Мы сожгли лыжи, брезентовый полог, из которого была сделана палатна, в ход пошли чемоданчики, портфели… Все прокоптились донельзя, лица, заросшие щетиной, были черны от слоя сажи. Неодолимо клонило в сон.
Когда жечь было уже нечего, Нехаев сказал:
— Теперь будем ходить, сколько хватит сил. Упал, уснул — значит, погиб.
Вертолет ломать мы еще не решались. Он был нашей надеждой на спасение. Начать его ломать — это конец.
И мы, держась друг за друга, стали ходить, как заведенные, вокруг вертолета, потеряв счет времени, ко всему безразличные, отупевшие… «Упасть бы в снег и уснуть! Упасть и уснуть! Упасть и уснуть, и будь что будет!» — вертелось назойливо в голове. Но Владимир Иванович, шедший впереди, упрямо тянул и тянул нас за собой, а Федя из последних сил подталкивал тех, кто отставал.
Мы не сразу заметили, как пошел снег. Он припорошил вертолет, головы и плечи. Пропало темное пятно, где стоял наш чум и горел когда-то костер.
— Вот и все, покроет саваном и нас, и вертолет, — прохрипел Гордеев.
— Да замолчите, вы! — насколько мог громко воскликнул Владимир Иванович. — Снег — это доброе предзнаменование. Значит — похолодало, туман начал конденсироваться, скоро прояснится. Осталось немного потерпеть. Не останавливаться! Не спать!
И мы снова поплелись друг за другом по кругу — в тысячный, а может, в стотысячный раз!
Хотя Нехаев и твердил нам: «Только не останавливаться, только не спать!» — мы все спали на ходу. Это точно, потому что все прозевали момент, когда рассеялся туман и видимость улучшилась.

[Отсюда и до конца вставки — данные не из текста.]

Section Phases.
Variables al ze be : C.
Hypotheses (hal : al != 0) (hbe : be != 0) (hdel : normc (al / be) = 1).

Definition state (x t : int -> C) n : C * C := (x n, t (n - 1)).

Definition site_transfer n :=
  transfer al ze be (ccoef (n - 1) / bcoef n) (dcoef n / bcoef n) (ccoef n / bcoef n).

Definition Tpos := transfer al ze be rpos rpos rpos.
Definition Tneg := transfer al ze be rneg rneg rneg.

Lemma bulk_transfer_det r : r != 0 -> has_det (transfer al ze be r r r) (al / be).
Proof.
move=> hr u v; rewrite transfer_det //; congr (_ * _).
by field; rewrite hr hbe.
Qed.

Lemma site_transfer_pos n : 0 < n -> site_transfer n = Tpos.
Proof.
move=> hn; rewrite /site_transfer /bcoef /ccoef /dcoef /Defs.bseq /cseq /dseq.
have h0 : 0 <= n by lia.
have h1 : 0 <= n - 1 by lia.
by rewrite h0 h1.
Qed.

Lemma site_transfer_neg n : n < -1 -> site_transfer n = Tneg.
Proof.
move=> hn; rewrite /site_transfer /bcoef /ccoef /dcoef /Defs.bseq /cseq /dseq.
have h0 : (0 <= n) = false by lia.
have h1 : (0 <= n - 1) = false by lia.
have h2 : (n == -1) = false by lia.
have h3 : (n - 1 == -1) = false by lia.
by rewrite h0 h1 h2 h3.
Qed.

Lemma site_transfer0 : site_transfer 0 = transfer al ze be (rC c / rC bp) rpos rpos.
Proof.
rewrite /site_transfer /bcoef /ccoef /dcoef /Defs.bseq /cseq /dseq.
by rewrite (_ : (0 : int) - 1 = -1) // lexx.
Qed.

Lemma site_transfer_m1 : site_transfer (-1) = transfer al ze be rneg rneg (rC c / rC bm).
Proof.
rewrite /site_transfer /bcoef /ccoef /dcoef /Defs.bseq /cseq /dseq.
have h : (-1 : int) - 1 = -2 by [].
by rewrite h.
Qed.

Lemma zero_mode_y x y t : zero_mode al ze be x y t -> forall n,
  y n = - x n - ccoef (n - 1) / bcoef n * al * t (n - 1).
Proof.
move=> h n; case: (h n) => e1 _ _; have hb := bcoef_neq0 n.
apply/eqP; rewrite -subr_eq0 -(mulIr_eq0 _ (mulIf hb)); apply/eqP.
by rewrite -[RHS]e1; field.
Qed.

Lemma zero_mode_step x y t : zero_mode al ze be x y t ->
  forall n, state x t (n + 1) = site_transfer n (state x t n).
Proof.
move=> h n; have hy := zero_mode_y h n; case: (h n) => _ e2 e3.
have hb := bcoef_neq0 n; have hc0 := ccoef_neq0 n.
rewrite /state /site_transfer /transfer /= addrK -hy; congr (_, _).
  apply/eqP; rewrite -subr_eq0 -(mulIr_eq0 _ (mulIf (mulf_neq0 hc0 hbe))).
  by rewrite -[0](subrr 0) -{1}e3 -e2; apply/eqP; field; rewrite hb hc0 hbe.
apply/eqP; rewrite -subr_eq0 -(mulIr_eq0 _ (mulIf hb)); apply/eqP.
by rewrite -[RHS]e2; field.
Qed.

Section FromStates.
Variable s : int -> C * C.
Hypothesis hs : forall n, s (n + 1) = site_transfer n (s n).

Definition xs n := (s n).1.
Definition ts n := (s (n + 1)).2.
Definition ys n := - xs n - ccoef (n - 1) / bcoef n * al * (s n).2.

Lemma state_of_states n : state xs ts n = s n.
Proof. by rewrite /state /xs /ts subrK; case: (s n). Qed.

Lemma zero_mode_of_states : zero_mode al ze be xs ys ts.
Proof.
move=> n; have hb := bcoef_neq0 n; have hc0 := ccoef_neq0 n.
have ht : ts (n - 1) = (s n).2 by rewrite /ts subrK.
have := hs n; rewrite /site_transfer /transfer => hsn.
split.
- by rewrite ht /ys; field.
- by rewrite /ts hsn /ys /xs /=; field.
- by rewrite /ts /xs hsn /ys /xs /=; field; rewrite hb hc0 hbe.
Qed.

End FromStates.

Lemma zero_mode_eq0 x y t : zero_mode al ze be x y t -> state x t (-1) = 0 ->
  forall n, [/\ x n = 0, y n = 0 & t n = 0].
Proof.
move=> h h0.
have step := zero_mode_step h.
have state0 n : state x t n = 0.
  case: n => m.
    elim: m => [|m IH]; first by rewrite (_ : Posz 0 = -1 + 1) // step h0 /site_transfer transfer0.
    by rewrite -addn1 PoszD step IH /site_transfer transfer0.
  elim: m => [|m IH] //.
  have := step (Negz m.+1); rewrite site_transfer_neg //.
  rewrite (_ : Negz m.+1 + 1 = Negz m); last by lia.
  by rewrite IH => /esym /(has_det_eq0 (bulk_transfer_det rneg_neq0) hdel).
move=> n; rewrite (zero_mode_y h n).
have := state0 n; have := state0 (n + 1); rewrite /state addrK.
by case=> _ -> [-> ->]; rewrite !mulr0 subr0 oppr0.
Qed.

Lemma zero_mode_unique x y t x' y' t' (g : C) :
  zero_mode al ze be x y t -> zero_mode al ze be x' y' t' ->
  state x t (-1) = scalev g (state x' t' (-1)) ->
  forall n, [/\ x n = g * x' n, y n = g * y' n & t n = g * t' n].
Proof.
move=> h h' hg n.
have hsub : zero_mode al ze be (fun n => x n - g * x' n) (fun n => y n - g * y' n)
                                (fun n => t n - g * t' n).
  move=> m; case: (h m) => e1 e2 e3; case: (h' m) => f1 f2 f3.
  by split; [rewrite -[RHS](subr0 0) -{1}e1 -(mulr0 g) -f1 |
             rewrite -[RHS](subr0 0) -{1}e2 -(mulr0 g) -f2 |
             rewrite -[RHS](subr0 0) -{1}e3 -(mulr0 g) -f3]; ring.
have [|hx hy ht] := zero_mode_eq0 hsub _ n.
  by move: hg; rewrite /state /scalev => -[-> ->]; rewrite !subrr.
by split; apply/eqP; rewrite -subr_eq0; apply/eqP.
Qed.

Lemma zero_mode_interface x y t : zero_mode al ze be x y t ->
  state x t 1 = site_transfer 0 (site_transfer (-1) (state x t (-1))).
Proof. by move=> h; rewrite -(zero_mode_step h) -(zero_mode_step h). Qed.

Lemma mode_l2_state x y t : mode_l2 x y t -> exists M, forall N,
  \sum_(i < N) sqnorm2 (state x t i.+1) <= M /\
  \sum_(i < N) sqnorm2 (state x t (Negz i)) <= M.
Proof.
case=> M hM; pose a (i : nat) := mode_sqnorm x y t i + mode_sqnorm x y t (Negz i).
have a_ge0 i : 0 <= a i by rewrite addr_ge0 ?mode_sqnorm_ge0.
have hMa N : \sum_(i < N) a i <= M := hM N.
have sum_a N : \sum_(i < N) (a i + a i.+1) <= M + M.
  rewrite big_split lerD ?hMa //; apply: le_trans (hMa N.+1).
  by rewrite big_ord_recl -[X in X <= _]add0r lerD ?a_ge0.
exists (M + M) => N; split; apply: le_trans (sum_a N); apply: ler_sum => i _.
  rewrite /state (_ : Posz i.+1 - 1 = i); last by lia.
  rewrite /sqnorm2 /= /a /mode_sqnorm; have := normc_ge0 (x i); have := normc_ge0 (y i).
  have := normc_ge0 (y i.+1); have := normc_ge0 (t i.+1);
  have := mode_sqnorm_ge0 x y t (Negz i); have := mode_sqnorm_ge0 x y t (Negz i.+1).
  rewrite /mode_sqnorm; nra.
rewrite /state (_ : Negz i - 1 = Negz i.+1); last by lia.
rewrite /sqnorm2 /= /a /mode_sqnorm; have := normc_ge0 (x (Negz i.+1)).
have := normc_ge0 (y (Negz i)); have := normc_ge0 (y (Negz i.+1)); have := normc_ge0 (t (Negz i));
have := mode_sqnorm_ge0 x y t i; have := mode_sqnorm_ge0 x y t i.+1.
rewrite /mode_sqnorm; nra.
Qed.

Lemma l2_mode_wedge_pos x y t ep mp : zero_mode al ze be x y t -> mode_l2 x y t ->
  Tpos ep = scalev mp ep -> normc mp <= 1 -> wedge ep (state x t 1) = 0.
Proof.
move=> h hl hep hmp; have [M hM] := mode_l2_state hl.
apply: (@wedge_nondecreasing_eq0 _ ep (fun m => state x t m.+1) M) => [m|N]; last first.
  by case: (hM N).
have := normc_wedge_eigen (bulk_transfer_det rpos_neq0) hdel (state x t m.+1) hep.
rewrite -/Tpos -(site_transfer_pos (_ : 0 < Posz m.+1)) // -(zero_mode_step h).
rewrite (_ : Posz m.+1 + 1 = m.+2); last by lia.
move=> <-; have := normc_ge0 (wedge ep (state x t m.+2)); have := normc_ge0 mp; nra.
Qed.

Lemma l2_mode_wedge_neg x y t em mm : zero_mode al ze be x y t -> mode_l2 x y t ->
  Tneg em = scalev mm em -> 1 <= normc mm -> wedge em (state x t (-1)) = 0.
Proof.
move=> h hl hem hmm; have [M hM] := mode_l2_state hl.
apply: (@wedge_nondecreasing_eq0 _ em (fun m => state x t (Negz m)) M) => [m|N]; last first.
  by case: (hM N).
have := normc_wedge_eigen (bulk_transfer_det rneg_neq0) hdel (state x t (Negz m.+1)) hem.
rewrite -/Tneg -(site_transfer_neg (_ : Negz m.+1 < -1)) // -(zero_mode_step h).
rewrite (_ : Negz m.+1 + 1 = Negz m); last by lia.
move=> <-; have := normc_ge0 (wedge em (state x t (Negz m))); nra.
Qed.

Lemma interface_wedge ep em mp mm : Tpos ep = scalev mp ep -> Tneg em = scalev mm em ->
  mp * wedge ep (site_transfer 0 (site_transfer (-1) em)) =
  mm * al * rC c / (be * rC (bp + dp)) * wedge (dilate ep) em.
Proof.
move=> hep hem.
have c0 := rC_neq0 hc; have bp0 := rC_neq0 hbp; have bm0 := rC_neq0 hbm.
have ep0 := rC_neq0 hdp; have em0 := rC_neq0 hdm.
pose D := (em.1, rC c ^+ 2 / (rC (bp + dp) * rC (bm + dm)) * em.2).
have -> : site_transfer 0 (site_transfer (-1) em) = scalev (mm * rC (bm + dm) / rC c) (Tpos D).
  rewrite site_transfer0 site_transfer_m1 transfer_out ?rneg_neq0 ?mulf_neq0 ?invr_eq0 //.
  rewrite -/Tneg hem transfer_in ?rpos_neq0 // -/Tpos -transfer_homogeneous; congr Tpos.
  by rewrite /scalev /D /rneg /rpos /=; congr (_, _); field; rewrite ?c0 ?bm0 ?bp0 ?ep0 ?em0.
have hX : mp * wedge ep (Tpos D) = al / be * wedge ep D.
  by rewrite -wedge_scalel -hep (bulk_transfer_det rpos_neq0).
rewrite wedge_scaler mulrCA hX.
rewrite /wedge /D /dilate kappaE /=; field.
by rewrite c0 ep0 em0 hbe.
Qed.

Section BulkEigenvectors.
Variables (ep em : C * C) (mp mm : C).
Hypotheses (hep : Tpos ep = scalev mp ep) (hem : Tneg em = scalev mm em).
Hypotheses (ep_neq0 : ep != 0) (em_neq0 : em != 0).
Hypotheses (hmp : normc mp < 1) (hmm : 1 < normc mm).

Lemma mp_neq0 : mp != 0.
Proof. exact: (eigenvalue_neq0 (bulk_transfer_det rpos_neq0) hdel ep_neq0 hep). Qed.

Lemma mm_neq0 : mm != 0.
Proof. exact: (eigenvalue_neq0 (bulk_transfer_det rneg_neq0) hdel em_neq0 hem). Qed.

Lemma l2_mode_state_m1 x y t : zero_mode al ze be x y t -> mode_l2 x y t ->
  exists g, state x t (-1) = scalev g em.
Proof.
move=> h hl; apply: wedge_eq0P em_neq0 _.
exact: l2_mode_wedge_neg h hl hem (ltW hmm).
Qed.

Lemma l2_mode_eq0 : wedge (dilate ep) em != 0 ->
  forall x y t, zero_mode al ze be x y t -> mode_l2 x y t ->
  forall n, [/\ x n = 0, y n = 0 & t n = 0].
Proof.
move=> hD x y t h hl; have [g hg] := l2_mode_state_m1 h hl.
apply: (zero_mode_eq0 h); rewrite hg.
have := l2_mode_wedge_pos h hl hep (ltW hmp).
rewrite (zero_mode_interface h) hg /site_transfer !transfer_homogeneous -/(site_transfer _).
rewrite wedge_scaler => /eqP; rewrite mulf_eq0 => /orP[/eqP-> | ]; first exact: scale0v.
move=> /eqP /(congr1 (fun w => mp * w)); rewrite mulr0 (interface_wedge hep hem) => /eqP.
have K_neq0 : mm * al * rC c / (be * rC (bp + dp)) != 0.
  by rewrite !(mulf_neq0, invr_neq0) ?mm_neq0 ?rC_neq0.
by rewrite mulf_eq0 (negbTE K_neq0) (negbTE hD).
Qed.

Hypothesis hcond : wedge (dilate ep) em = 0.

Definition state1 := site_transfer 0 (site_transfer (-1) em).

(* The zero mode is the decaying eigenvector em continued across the interface,
   where hcond makes it land on the decaying eigenvector ep. *)
Definition glued_state n : C * C :=
  match n with
  | Posz 0 => site_transfer (-1) em
  | Posz m.+1 => scalev (mp ^+ m) state1
  | Negz m => scalev (mm^-1 ^+ m) em
  end.

Lemma state1_eigen : Tpos state1 = scalev mp state1.
Proof.
have : mp * wedge ep state1 = 0 by rewrite (interface_wedge hep hem) hcond mulr0.
move=> /eqP; rewrite mulf_eq0 (negbTE mp_neq0) /= => /eqP /(wedge_eq0P ep_neq0) [g ->].
by rewrite /Tpos transfer_homogeneous -/Tpos hep !scalevA mulrC.
Qed.

Lemma glued_state_step n : glued_state (n + 1) = site_transfer n (glued_state n).
Proof.
case: n => [[|m]|[|m]] /=; try by rewrite expr0 scale1v.
  rewrite addn1 site_transfer_pos // /Tpos transfer_homogeneous -/Tpos state1_eigen.
  by rewrite scalevA exprSr.
rewrite subn1 /= site_transfer_neg // /Tneg transfer_homogeneous -/Tneg hem scalevA.
by rewrite exprSr -mulrA mulVf ?mulr1 // mm_neq0.
Qed.

Lemma glued_state_pos m : glued_state m.+1 = scalev (mp ^+ m) state1.
Proof. by []. Qed.

Lemma glued_state_neg m : glued_state (Negz m) = scalev (mm^-1 ^+ m) em.
Proof. by []. Qed.

Let xg := xs glued_state.
Let yg := ys glued_state.
Let tg := ts glued_state.
(* Injections [B * B -> B] with [B] an infinite subset of [A], kept as graphs so that the
   union of a chain is an upper bound. *)
Record sq_emb := SqEmb {
  sq_dom : A -> Prop;
  sq_graph : A -> A -> A -> Prop;
  sq_dom_infinite : lecard nat (elt sq_dom);
  sq_total : forall a b, sq_dom a -> sq_dom b -> exists c, sq_graph a b c;
  sq_range : forall a b c, sq_graph a b c -> [/\ sq_dom a, sq_dom b & sq_dom c];
  sq_functional : forall a b c c', sq_graph a b c -> sq_graph a b c' -> c = c';
  sq_injective : forall a b a' b' c, sq_graph a b c -> sq_graph a' b' c -> a = a' /\ b = b'
}.

Definition sq_le (p q : sq_emb) :=
  (forall a, sq_dom p a -> sq_dom q a) /\ (forall a b c, sq_graph p a b c -> sq_graph q a b c).

Lemma sq_le_refl (p : sq_emb) : sq_le p p.
Proof. by []. Qed.

Lemma sq_le_trans (p q r : sq_emb) : sq_le p q -> sq_le q r -> sq_le p r.
Proof. by move=> [pq1 pq2] [qr1 qr2]; split=> [a /pq1 /qr1|a b c /pq2 /qr2]. Qed.

Lemma sq_emb_lecard (p : sq_emb) :
  lecard (elt (sq_dom p) * elt (sq_dom p)) (elt (sq_dom p)).
Proof.
apply: (lecard_rel (fun u w => sq_graph p (proj1_sig u.1) (proj1_sig u.2) (proj1_sig w))).
  move=> [[a Ba] [b Bb]] /=; have [c Gc] := sq_total p a b Ba Bb.
  by have [_ _ Bc] := sq_range p a b c Gc; exists (exist _ c Bc).
move=> [u v] [u' v'] w /= G1 G2.
by have [/sig_eq -> /sig_eq ->] := sq_injective p _ _ _ _ _ G1 G2.
Qed.
(* Let $A$ be a finite dimensional algebra over an algebraically closed field $F$ of characteristic zero and let $P_1$, $P_2$ be presentations of $A$ by full algebras. Let $T_1\cong(T_1)_{ss}\oplus J_{T_1}$ be a full summand of $P_1$ and $T_2\cong(T_2)_{ss}\oplus J_{T_2}$ a full summand of $P_2$ with $(T_1)_{ss}\cong(T_2)_{ss}\cong U$. Let $T_1'=U\oplus J_{T_1}\oplus J_{T_2}$ be the fusion of $T_1$ and $T_2$, i.e. the subalgebra of $T_1\times T_2$ consisting of all pairs $(u+j_1,\varphi(u)+j_2)$ with $u\in(T_1)_{ss}$, $j_1\in J_{T_1}$, $j_2\in J_{T_2}$, where $\varphi:(T_1)_{ss}\to(T_2)_{ss}$ is a fixed isomorphism. Let $P_1'$ be the direct sum of full algebras obtained from $P_1$ by replacing the summand $T_1$ by $T_1'$. Then $P_1'$ is a presentation of $A$.
   Context: For a finite dimensional algebra $T$ with Wedderburn–Malcev decomposition $T\cong T'_1\times\cdots\times T'_q\oplus J_T$, $T$ is full if, up to permuting simple components, $T'_1J_TT'_2\cdots J_TT'_q\neq0$. A presentation of $A$ by full algebras is a direct sum $T_1\oplus\cdots\oplus T_n$ of full algebras (with this decomposition fixed) which is PI-equivalent to $A$, i.e. has the same $T$-ideal of polynomial identities. *)

From HB Require Import structures.
From mathcomp Require Import all_boot all_order all_algebra.
Set Implicit Arguments.
Unset Strict Implicit.
Unset Printing Implicit Defensive.
Import GRing.Theory.
Local Open Scope ring_scope.

Section Defs.
Variable F : fieldType.

Record ncalg := NCAlg { carrier : vectType F; amul : carrier -> carrier -> carrier }.

Definition is_alg (A : ncalg) : Prop :=
  [/\ (forall (a : F) (x y z : carrier A),
         amul (a *: x + y) z = a *: amul x z + amul y z),
      (forall (a : F) (x y z : carrier A),
         amul x (a *: y + z) = a *: amul x y + amul x z)
    & (forall x y z : carrier A, amul x (amul y z) = amul (amul x y) z)].

(* Noncommutative polynomials without constant term in variables x_0, x_1, ...:
   a finite list of (coefficient, nonempty word), a word (i, w) standing for
   x_i x_{w_1} ... x_{w_m}. *)
Definition ncpoly := seq (F * (nat * seq nat)).

Definition eval_word (A : ncalg) (s : nat -> carrier A) (w : nat * seq nat) :=
  foldl (fun acc k => amul acc (s k)) (s w.1) w.2.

Первым это заметил Юра Тимошкин.
— Смотрите — горы! — крикнул он и остановился, протирая глаза.
Остановились и мы.
Природа, словно великий художник-декоратор, наконец убрала туманный занавес, чтобы показать дело рук своих. Перед нами открылась величественная картина, которая заставила всех замереть на месте. Далеко за горизонт уходил торосистый, припудренный снежком простор Ледовитого океана. Слева, за нешироким заливом, вставали горы со слизанными, сглаженными злым беспощадным ветром вершинами. На них тоже лежал чистый, свежий снег, и только на крутых откосах чернели сланцевые осыпи. Справа тянулся низменный берег, уходящий в бескрайнюю даль. Сзади — те же невысокие сопки, что и слева, за бухтой. И над всем этим — тишина…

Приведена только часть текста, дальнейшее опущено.